Task to carry out: Answer with a number only, stating how many lines of the records hold the word "first".

Records for the exercise:
▼▼▼

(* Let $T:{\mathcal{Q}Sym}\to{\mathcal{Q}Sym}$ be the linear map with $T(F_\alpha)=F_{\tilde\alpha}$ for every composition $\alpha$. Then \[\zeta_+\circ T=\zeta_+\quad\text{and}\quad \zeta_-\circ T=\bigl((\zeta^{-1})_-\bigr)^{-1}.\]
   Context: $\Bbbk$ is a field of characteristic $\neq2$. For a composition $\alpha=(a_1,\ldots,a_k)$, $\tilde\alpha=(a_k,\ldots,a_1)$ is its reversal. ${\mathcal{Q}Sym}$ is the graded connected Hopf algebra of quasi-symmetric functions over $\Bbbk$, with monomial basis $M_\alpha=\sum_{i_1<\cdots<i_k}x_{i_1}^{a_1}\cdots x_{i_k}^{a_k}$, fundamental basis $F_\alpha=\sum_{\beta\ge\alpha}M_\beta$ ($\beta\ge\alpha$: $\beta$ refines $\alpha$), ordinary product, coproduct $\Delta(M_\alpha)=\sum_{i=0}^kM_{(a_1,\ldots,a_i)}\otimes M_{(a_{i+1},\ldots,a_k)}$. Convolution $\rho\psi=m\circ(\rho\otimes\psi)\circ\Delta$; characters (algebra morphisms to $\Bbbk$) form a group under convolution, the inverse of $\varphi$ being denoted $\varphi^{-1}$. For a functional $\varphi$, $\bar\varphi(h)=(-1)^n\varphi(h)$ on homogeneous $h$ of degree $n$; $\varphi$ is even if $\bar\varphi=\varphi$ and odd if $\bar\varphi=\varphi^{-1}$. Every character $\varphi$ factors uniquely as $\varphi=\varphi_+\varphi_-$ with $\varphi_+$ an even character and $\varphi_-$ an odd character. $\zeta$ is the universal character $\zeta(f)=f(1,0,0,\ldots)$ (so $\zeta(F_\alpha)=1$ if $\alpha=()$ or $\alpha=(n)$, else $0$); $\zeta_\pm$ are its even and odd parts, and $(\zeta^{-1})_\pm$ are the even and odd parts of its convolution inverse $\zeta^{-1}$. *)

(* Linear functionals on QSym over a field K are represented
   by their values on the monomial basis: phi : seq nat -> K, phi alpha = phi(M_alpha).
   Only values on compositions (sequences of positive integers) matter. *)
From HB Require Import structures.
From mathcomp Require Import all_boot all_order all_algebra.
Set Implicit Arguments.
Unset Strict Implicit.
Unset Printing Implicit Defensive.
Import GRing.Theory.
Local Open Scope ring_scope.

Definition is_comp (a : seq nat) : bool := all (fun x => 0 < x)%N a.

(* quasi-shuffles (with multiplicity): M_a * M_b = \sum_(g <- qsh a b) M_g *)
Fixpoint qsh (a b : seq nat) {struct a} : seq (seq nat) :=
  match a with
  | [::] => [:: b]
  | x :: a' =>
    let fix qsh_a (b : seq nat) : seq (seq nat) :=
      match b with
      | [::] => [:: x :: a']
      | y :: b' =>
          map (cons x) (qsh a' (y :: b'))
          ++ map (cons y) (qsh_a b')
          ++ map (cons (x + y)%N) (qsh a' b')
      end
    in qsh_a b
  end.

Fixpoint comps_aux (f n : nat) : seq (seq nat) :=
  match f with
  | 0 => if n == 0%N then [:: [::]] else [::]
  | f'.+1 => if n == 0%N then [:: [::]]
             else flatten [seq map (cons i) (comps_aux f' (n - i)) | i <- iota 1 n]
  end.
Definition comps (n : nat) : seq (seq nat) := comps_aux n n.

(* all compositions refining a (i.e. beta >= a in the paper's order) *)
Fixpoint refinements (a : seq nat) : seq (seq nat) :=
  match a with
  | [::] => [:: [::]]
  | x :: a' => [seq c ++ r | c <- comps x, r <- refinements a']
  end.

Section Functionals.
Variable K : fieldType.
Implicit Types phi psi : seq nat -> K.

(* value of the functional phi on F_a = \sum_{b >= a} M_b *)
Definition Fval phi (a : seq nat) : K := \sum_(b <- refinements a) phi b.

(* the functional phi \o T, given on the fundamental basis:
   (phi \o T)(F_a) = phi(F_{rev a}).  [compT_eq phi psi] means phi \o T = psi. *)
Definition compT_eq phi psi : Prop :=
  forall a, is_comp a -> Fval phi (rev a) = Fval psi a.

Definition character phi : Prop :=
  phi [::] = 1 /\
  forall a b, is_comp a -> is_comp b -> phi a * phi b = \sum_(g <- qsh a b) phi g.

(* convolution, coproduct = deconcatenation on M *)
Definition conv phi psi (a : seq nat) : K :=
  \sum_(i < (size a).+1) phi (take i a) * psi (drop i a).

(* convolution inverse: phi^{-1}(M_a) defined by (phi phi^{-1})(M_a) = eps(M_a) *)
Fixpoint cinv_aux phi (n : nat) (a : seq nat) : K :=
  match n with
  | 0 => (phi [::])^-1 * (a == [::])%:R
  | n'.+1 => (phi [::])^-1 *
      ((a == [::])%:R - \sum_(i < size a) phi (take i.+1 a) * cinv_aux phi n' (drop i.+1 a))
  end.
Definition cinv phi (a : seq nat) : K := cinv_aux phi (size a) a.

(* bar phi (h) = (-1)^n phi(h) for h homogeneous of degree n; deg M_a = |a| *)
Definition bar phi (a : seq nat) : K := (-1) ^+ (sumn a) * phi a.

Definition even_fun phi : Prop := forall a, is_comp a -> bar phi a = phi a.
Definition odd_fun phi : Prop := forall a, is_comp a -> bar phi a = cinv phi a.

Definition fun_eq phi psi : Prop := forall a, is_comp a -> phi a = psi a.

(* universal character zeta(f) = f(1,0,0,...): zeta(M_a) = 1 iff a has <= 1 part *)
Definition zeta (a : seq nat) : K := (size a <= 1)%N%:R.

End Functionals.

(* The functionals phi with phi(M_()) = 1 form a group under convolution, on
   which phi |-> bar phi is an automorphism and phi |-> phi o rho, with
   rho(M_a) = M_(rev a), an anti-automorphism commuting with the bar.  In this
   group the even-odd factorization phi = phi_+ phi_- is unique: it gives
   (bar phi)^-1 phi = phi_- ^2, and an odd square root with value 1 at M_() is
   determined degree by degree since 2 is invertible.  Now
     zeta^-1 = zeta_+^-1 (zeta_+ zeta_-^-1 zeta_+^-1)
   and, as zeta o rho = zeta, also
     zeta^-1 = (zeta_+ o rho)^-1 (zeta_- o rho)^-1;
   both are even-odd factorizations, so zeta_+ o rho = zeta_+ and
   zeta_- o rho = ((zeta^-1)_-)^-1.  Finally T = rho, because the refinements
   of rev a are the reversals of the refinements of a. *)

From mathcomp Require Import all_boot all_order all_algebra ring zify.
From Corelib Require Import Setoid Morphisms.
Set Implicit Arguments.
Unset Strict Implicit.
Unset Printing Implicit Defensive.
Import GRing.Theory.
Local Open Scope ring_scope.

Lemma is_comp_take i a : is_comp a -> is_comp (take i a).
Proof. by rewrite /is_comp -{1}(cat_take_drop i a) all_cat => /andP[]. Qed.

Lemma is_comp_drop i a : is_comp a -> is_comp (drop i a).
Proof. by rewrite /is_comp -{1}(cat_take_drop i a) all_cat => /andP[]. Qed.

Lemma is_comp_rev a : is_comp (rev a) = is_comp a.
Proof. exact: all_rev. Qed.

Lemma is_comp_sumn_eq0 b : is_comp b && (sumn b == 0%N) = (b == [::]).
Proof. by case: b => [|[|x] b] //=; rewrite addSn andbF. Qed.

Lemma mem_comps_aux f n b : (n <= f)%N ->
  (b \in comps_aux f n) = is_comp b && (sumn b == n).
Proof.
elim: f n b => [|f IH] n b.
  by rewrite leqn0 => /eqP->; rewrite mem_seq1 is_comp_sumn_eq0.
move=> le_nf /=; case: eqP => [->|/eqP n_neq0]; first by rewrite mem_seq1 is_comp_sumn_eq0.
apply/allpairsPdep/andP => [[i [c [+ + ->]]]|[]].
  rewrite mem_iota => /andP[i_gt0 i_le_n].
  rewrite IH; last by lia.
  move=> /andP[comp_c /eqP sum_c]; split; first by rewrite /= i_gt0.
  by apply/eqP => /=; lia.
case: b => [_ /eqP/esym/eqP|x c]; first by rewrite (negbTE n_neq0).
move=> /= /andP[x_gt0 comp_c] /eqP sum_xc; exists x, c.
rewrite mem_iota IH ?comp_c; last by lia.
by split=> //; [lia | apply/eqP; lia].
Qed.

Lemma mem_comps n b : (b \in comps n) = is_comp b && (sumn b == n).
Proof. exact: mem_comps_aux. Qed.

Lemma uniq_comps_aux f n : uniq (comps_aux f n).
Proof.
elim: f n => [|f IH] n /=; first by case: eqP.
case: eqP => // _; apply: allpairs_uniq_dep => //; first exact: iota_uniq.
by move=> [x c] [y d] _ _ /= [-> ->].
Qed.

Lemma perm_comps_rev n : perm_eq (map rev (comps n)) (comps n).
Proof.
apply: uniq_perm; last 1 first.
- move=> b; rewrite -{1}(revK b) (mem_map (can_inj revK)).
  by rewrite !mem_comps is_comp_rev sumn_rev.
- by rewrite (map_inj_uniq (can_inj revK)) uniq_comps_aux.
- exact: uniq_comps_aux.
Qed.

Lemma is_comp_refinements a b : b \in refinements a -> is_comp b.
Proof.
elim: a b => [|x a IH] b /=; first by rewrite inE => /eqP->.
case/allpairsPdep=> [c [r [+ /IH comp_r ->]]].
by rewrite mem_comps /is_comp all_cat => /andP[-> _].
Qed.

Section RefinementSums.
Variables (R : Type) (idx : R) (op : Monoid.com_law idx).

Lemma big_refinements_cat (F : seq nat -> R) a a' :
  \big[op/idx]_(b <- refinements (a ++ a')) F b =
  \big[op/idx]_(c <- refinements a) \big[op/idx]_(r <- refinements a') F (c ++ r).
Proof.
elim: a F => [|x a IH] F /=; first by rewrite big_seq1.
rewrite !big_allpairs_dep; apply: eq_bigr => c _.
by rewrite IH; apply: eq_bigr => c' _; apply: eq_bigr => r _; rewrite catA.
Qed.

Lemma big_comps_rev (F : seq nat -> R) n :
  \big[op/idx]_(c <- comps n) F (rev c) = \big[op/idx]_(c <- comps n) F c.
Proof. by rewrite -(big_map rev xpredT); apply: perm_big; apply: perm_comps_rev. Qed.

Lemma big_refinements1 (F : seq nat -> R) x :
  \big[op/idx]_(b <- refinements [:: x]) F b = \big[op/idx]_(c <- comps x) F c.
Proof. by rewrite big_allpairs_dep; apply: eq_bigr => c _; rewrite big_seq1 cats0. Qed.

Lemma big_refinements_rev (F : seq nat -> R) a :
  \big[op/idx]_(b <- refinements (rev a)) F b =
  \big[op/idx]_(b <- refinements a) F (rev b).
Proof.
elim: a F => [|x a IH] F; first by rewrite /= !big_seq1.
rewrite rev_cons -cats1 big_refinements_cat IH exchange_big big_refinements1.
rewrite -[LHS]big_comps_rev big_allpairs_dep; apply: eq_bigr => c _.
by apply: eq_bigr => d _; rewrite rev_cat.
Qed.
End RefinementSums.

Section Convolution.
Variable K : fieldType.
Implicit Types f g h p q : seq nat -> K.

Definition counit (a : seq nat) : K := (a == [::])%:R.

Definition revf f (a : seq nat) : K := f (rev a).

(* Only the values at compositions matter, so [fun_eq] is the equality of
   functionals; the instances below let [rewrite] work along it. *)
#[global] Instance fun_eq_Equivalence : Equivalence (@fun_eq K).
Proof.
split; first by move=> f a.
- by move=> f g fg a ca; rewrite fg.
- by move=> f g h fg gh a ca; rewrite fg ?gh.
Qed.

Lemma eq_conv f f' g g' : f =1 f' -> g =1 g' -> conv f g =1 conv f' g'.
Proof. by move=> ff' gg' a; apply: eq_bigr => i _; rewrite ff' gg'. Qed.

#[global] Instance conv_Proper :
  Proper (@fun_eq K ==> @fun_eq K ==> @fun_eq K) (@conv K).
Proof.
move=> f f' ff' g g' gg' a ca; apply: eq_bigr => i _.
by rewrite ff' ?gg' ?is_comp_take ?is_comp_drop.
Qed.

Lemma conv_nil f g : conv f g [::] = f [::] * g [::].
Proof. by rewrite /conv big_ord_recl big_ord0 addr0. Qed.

▲▲▲

Written solution: 10